Humphrey Bogart’s first and most significant romantic role was opposite Ingrid Bergman in 1942s Casablanca for which Bogart received an Academy Award Best Actor nomination. Although Bergman had a reputation of having affairs with her leading men, her on-screen performance with Humphrey Bogart was as far as it went and the two hardly spoke off-set. Incidentally, it was reportedly Bogart’s idea for his character of Rick Blaine to be a chess player as Bogart himself played the game to tournament level. In part, this performance was responsible for Bogart overtaking James Cagney as the studio’s first choice actor and by 1946 he was earning a reported $460,000 per year, which at the time made him the world’s highest-paid actor.

Whilst filming 1944s To Have and Have Not, Humphrey Bogart met the 19-year-old Lauren Bacall and there was an instant attraction between them and so, when they starred together in a second film, The Big Sleep, the deal was done.
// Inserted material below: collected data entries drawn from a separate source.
Definition proj12 (x y z : nat) : seq nat := if pred2 x y z then [:: rename12 x y z] else [::].

Lemma proj12_in12 x y z : all (mem [:: 1; 2]) (proj12 x y z).
Proof. by rewrite /proj12 /rename12; case: ifP => //=; case: ifP => //; case: ifP. Qed.

Lemma subst_proj12 x y w : subst (proj12 x y) w = map (rename12 x y) (filter (pred2 x y) w).
Proof.
elim: w => //= z w IH; rewrite /subst /= -/(subst _ w) IH /proj12 /=.
by case: (_ || _).
Qed.

Lemma in_alph12 n a : rank_ge2 n -> a \in [:: 1; 2] -> in_alph n a.
Proof.
by case: n => [k|] k2; rewrite !inE => /orP[] /eqP->; rewrite /in_alph //= ltnW.
Qed.

Section FoldQuotient.
Variables (K : Type) (ins : nat -> K -> K) (e : K) (n : rank).
Local Notation P := (foldr ins e).
Local Notation M := (quot_monoid P n).

Variable present : nat -> K -> bool.
Hypothesis present_ins : forall a b T, present b T -> present b (ins a T).
Hypothesis present_ins_self : forall a T, present a (ins a T).
Hypothesis ins_comm : forall a b T, present b T -> ins a (ins b T) = ins b (ins a T).

Variable read : K -> seq nat.
Hypothesis perm_read : forall w, perm_eq (read (P w)) w.
Hypothesis read12 : forall w, all (mem [:: 1; 2]) w -> read (P w) = xyx_nf w.

Lemma present_foldr Y b T : present b T -> present b (foldr ins T Y).
Proof. by elim: Y => //= c Y IH /IH; apply: present_ins. Qed.

Lemma present_foldr_self X T : all (present^~ (foldr ins T X)) X.
Proof.
elim: X => //= b X IH; rewrite present_ins_self.
by apply/allP => c /(allP IH); apply: present_ins.
Qed.

Lemma ins_foldr_comm Y b T : present b T -> ins b (foldr ins T Y) = foldr ins (ins b T) Y.
Proof. by move=> bT; elim: Y => //= c Y <-; rewrite (ins_comm c) ?present_foldr. Qed.

Lemma foldr_comm X Y T : all (present^~ T) X ->
  foldr ins (foldr ins T Y) X = foldr ins (foldr ins T X) Y.
Proof.
elim: X => //= b X IH /andP[bT XT].
by rewrite IH // ins_foldr_comm // present_foldr.
Qed.

Lemma foldr_xyx A X Y B : P (A ++ X ++ Y ++ X ++ B) = P (A ++ Y ++ X ++ X ++ B).
Proof. by rewrite !foldr_cat; congr foldr; apply/foldr_comm/present_foldr_self. Qed.

Lemma derivable_foldr_subst u v : derivable xyx_basis u v ->
  forall psi, P (subst psi u) = P (subst psi v).
Proof.
elim=> // u1 v1 w1 [a [b [p [q [phi [Hpq [-> ->]]]]]]] _ IH psi.
rewrite -IH !subst_cat; have [|] := Hpq; rewrite inE => /eqP[-> ->];
  by rewrite !subst3 !subst_cat -!catA foldr_xyx.
Qed.

Lemma qcar_eq (T1 T2 : qcar P n) : sval T1 = sval T2 -> T1 = T2.
Proof.
move: T1 T2; rewrite /qcar => -[T1 p1] [T2 p2] /= E; subst T2.
by rewrite (proof_irrelevance _ p1 p2).
Qed.

Lemma meval_quot (phi : nat -> qcar P n) w :
  sval (@meval M phi w) = P (subst (fun x => qrep (phi x)) w).
Proof.
elim: w => //= x w IH; rewrite /subst /= -/(subst _ w) !foldr_cat -IH.
by rewrite (proj2 (qrep_spec (@meval M phi w))).
Qed.

Lemma satisfies_quot u v : (forall psi, P (subst psi u) = P (subst psi v)) -> satisfies M u v.
Proof. by move=> E phi; apply: qcar_eq; rewrite !meval_quot. Qed.

Lemma foldr_inj_small w s : size s <= 1 -> P w = P s -> w = s.
Proof.
move=> s1 E; apply: perm_small_eq s1 _.
by have := perm_read w; rewrite E perm_sym => /perm_trans; apply.
Qed.

Lemma satisfies_quot_small_subst u v psi : satisfies M u v ->
  (forall z, size (psi z) <= 1 /\ all (in_alph n) (psi z)) ->
  P (subst psi u) = P (subst psi v).
Proof.
move=> uv psiP.
pose phi z : qcar P n := exist _ (P (psi z)) (ex_intro _ (psi z) (conj (proj2 (psiP z)) erefl)).
(* A word of length at most one is the only representative of its class. *)
have qrep_phi z : qrep (phi z) = psi z.
  by apply: foldr_inj_small (proj1 (psiP z)) _; rewrite (proj2 (qrep_spec (phi z))).
by rewrite -!(eq_subst qrep_phi) -!meval_quot uv.
Qed.

Lemma satisfies_quot_xyx_nf u v : rank_ge2 n -> satisfies M u v -> xyx_nf u = xyx_nf v.
Proof.
move=> n2 uv; apply: eq_from_pair_filters => x y; apply: (inj_map (@rename12_inj x y)).
have in12 w : all (mem [:: 1; 2]) (subst (proj12 x y) w).
  by elim: w => //= z w IH; rewrite /subst /= -/(subst _ w) all_cat proj12_in12.
rewrite -!xyx_nf_filter -!(xyx_nf_map _ (@rename12_inj x y)) -!subst_proj12 -!read12 //.
rewrite (satisfies_quot_small_subst uv) // => z; split; first by rewrite /proj12; case: ifP.
by apply: sub_all (proj12_in12 x y z) => a; apply: in_alph12.
Qed.

Lemma satisfies_quot_xyx_nfE u v :
  rank_ge2 n -> satisfies M u v <-> xyx_nf u = xyx_nf v.
Proof.
move=> n2; split; first exact: satisfies_quot_xyx_nf.
by move/xyx_nf_derivable/derivable_foldr_subst/satisfies_quot.
Qed.

End FoldQuotient.

Definition stal_read (T : stal_tableau) : seq nat := flatten [seq nseq c.2 c.1 | c <- T].

Lemma stal_read_cat S T : stal_read (S ++ T) = stal_read S ++ stal_read T.
Proof. by rewrite /stal_read map_cat flatten_cat. Qed.

Lemma stal_read_cons c T : stal_read (c :: T) = nseq c.2 c.1 ++ stal_read T.
Proof. by []. Qed.

Lemma fst_bump_col a T : map fst (bump_col a T) = map fst T.
Proof. by elim: T => //= -[b k] T IH /=; case: eqP => //= _; rewrite IH. Qed.
(* A topological group $X$ is Choquet if and only if its Raikov completion $\bar X$ is Choquet and $X$ is $G_\delta$-dense in $\bar X$.
   Context: Topological groups are assumed Hausdorff; the Raikov completion $\bar X$ of $X$ is its completion with respect to the two-sided uniformity, a complete topological group containing $X$ as a dense subgroup. The Choquet game $\mathsf{G}_{EN}(X)$ on a topological space $X$ is played by players $\mathsf E$ and $\mathsf N$: $\mathsf E$ starts by choosing a non-empty open set $U_0\subset X$, $\mathsf N$ responds with a non-empty open $U_1\subset U_0$, and at the $n$-th inning $\mathsf E$ chooses a non-empty open $U_{2n}\subset U_{2n-1}$ and $\mathsf N$ responds with a non-empty open $U_{2n+1}\subset U_{2n}$. Player $\mathsf E$ wins if $\bigcap_{n\in\omega}U_n=\emptyset$; otherwise $\mathsf N$ wins. A topological space $X$ is Choquet if player $\mathsf N$ has a winning strategy in $\mathsf{G}_{EN}(X)$. A subset $A$ of a topological space $Y$ is $G_\delta$-dense in $Y$ if $A$ meets every non-empty $G_\delta$-subset of $Y$. *)

From Stdlib Require Import List Arith Classical.

Set Implicit Arguments.

Definition set (T : Type) := T -> Prop.

Record Topology (T : Type) := {
  open : set T -> Prop;
  open_full : open (fun _ => True);
  open_inter : forall A B, open A -> open B -> open (fun x => A x /\ B x);
  open_union : forall F : set (set T),
      (forall A, F A -> open A) -> open (fun x => exists A, F A /\ A x)
}.

Arguments open {T} t A.

Definition hausdorff {T : Type} (t : Topology T) : Prop :=
  forall x y : T, x <> y ->
    exists U V, open t U /\ open t V /\ U x /\ V y /\ (forall z, U z -> V z -> False).

Record TopGroup := {
  tg_car :> Type;
  tg_mul : tg_car -> tg_car -> tg_car;
  tg_inv : tg_car -> tg_car;
  tg_one : tg_car;
  tg_assoc : forall x y z, tg_mul x (tg_mul y z) = tg_mul (tg_mul x y) z;
  tg_mul1 : forall x, tg_mul tg_one x = x;
  tg_mulV : forall x, tg_mul (tg_inv x) x = tg_one;
  tg_top : Topology tg_car;
  tg_mul_cont : forall x y (W : set tg_car), open tg_top W -> W (tg_mul x y) ->
      exists U V, open tg_top U /\ open tg_top V /\ U x /\ V y /\
        (forall a b, U a -> V b -> W (tg_mul a b));
  tg_inv_cont : forall W, open tg_top W -> open tg_top (fun x => W (tg_inv x));
  tg_hausdorff : hausdorff tg_top
}.
(* Let $c\ge 0$, $m\ge 2$, and let $x=((x^1,n_1),\dots,(x^q,n_q))$ be a non-convergent Nash equilibrium of the best-worst rule $s=(c,m)$. Then $n_i\le 2$ for every $i\in[q]$, and $n_1=n_q=2$. In particular, for $m=3$ no non-convergent Nash equilibrium exists.
   Context: Setting: voters' ideal points are distributed uniformly (unit mass, Lebesgue measure) on $[0,1]$. There are $m$ candidates; a profile is $x=(x_1,\dots,x_m)\in[0,1]^m$. A voter with ideal point $y$ ranks candidates by distance $|x_i-y|$ (closer is better); ties are broken by a fair lottery (uniformly random strict order among tied candidates). Under the best-worst rule $s=(c,m)$ ($c\ge0$), a candidate receives $1$ point from each voter ranking her first, $-c$ from each voter ranking her last ($m$-th), and $0$ otherwise; $v_i(x)$ is candidate $i$'s expected total points. A (pure-strategy Nash) equilibrium is a profile $x^*$ with $v_i(x^* )\ge v_i(t,x^*_{-i})$ for all $i$ and $t\in[0,1]$ ($(t,x_{-i})$ is $x$ with $x_i$ replaced by $t$); it is non-convergent if at least two platforms are distinct. $[n]=\{1,\dots,n\}$. A profile determines its distinct occupied positions $x^1<\dots<x^q$, with $n_j$ the number of candidates at $x^j$; we write $x=((x^1,n_1),\dots,(x^q,n_q))$. *)

From Stdlib Require Import Reals Lra List.
Import ListNotations.
Open Scope R_scope.

Definition Rleb (a b : R) : bool := if Rle_dec a b then true else false.
Definition Reqb (a b : R) : bool := if Req_EM_T a b then true else false.

(* A profile of m candidates: x : nat -> R, candidates are indices 0..m-1. *)
Definition dist (x : nat -> R) (j : nat) (y : R) : R := Rabs (x j - y).

(* voter y ranks candidate i (among ties) first / last with positive probability *)
Definition closest (m : nat) (x : nat -> R) (i : nat) (y : R) : bool :=
  forallb (fun j => Rleb (dist x i y) (dist x j y)) (seq 0 m).
Definition farthest (m : nat) (x : nat -> R) (i : nat) (y : R) : bool :=
  forallb (fun j => Rleb (dist x j y) (dist x i y)) (seq 0 m).

Definition ntied (m : nat) (x : nat -> R) (i : nat) (y : R) : nat :=
  length (filter (fun j => Reqb (dist x j y) (dist x i y)) (seq 0 m)).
Bogart divorced his third wife Mayo Jane Methot who he had married in 1938 and married Bacall on 21 May 1945. Bacall then went on to play Bogart’s love interest in 1947s Dark Passage and in Key Largo which was released in 1948. The pair remained together until his death.

On 6 January 1949, Humphrey Bogart and Lauren Bacall had their first child together when Stephen Humphrey Bogart was born. Stephen’s sister, Leslie Howard Bogart came along on 23 August 1952. Her first and middle names are in honour of her father’s friend, the actor Leslie Howard with whom he co-starred in The Petrified Forest in 1936.

An Academy Award for Best Actor came Humphrey Bogart’s way following the release of 1951’s The African Queen. In the movie, Bogart plays the role of steamboat captain Charlie Allnutt who helps Katharine Hepburn’s snobbish Rose Sayer escape German Eastern Africa and strike a blow against the Germans after the death of her brother following the 1914 declaration of war.

Later appearances saw him star opposite Ava Gardner in The Barefoot Contessa and William Holden and Audrey Hepburn in 1954s Sabrina. 1954 also saw him nominated for Best Actor again for his part as Lt. Cmdr. Philp Francis Queeg in The Caine Mutiny. Humphrey Bogart had always been a heavy drinker and smoker and was diagnosed with oesophagal cancer. He had surgery and chemotherapy, but both were unsuccessful. He died 20 days after his 57th birthday on 14 January 1957.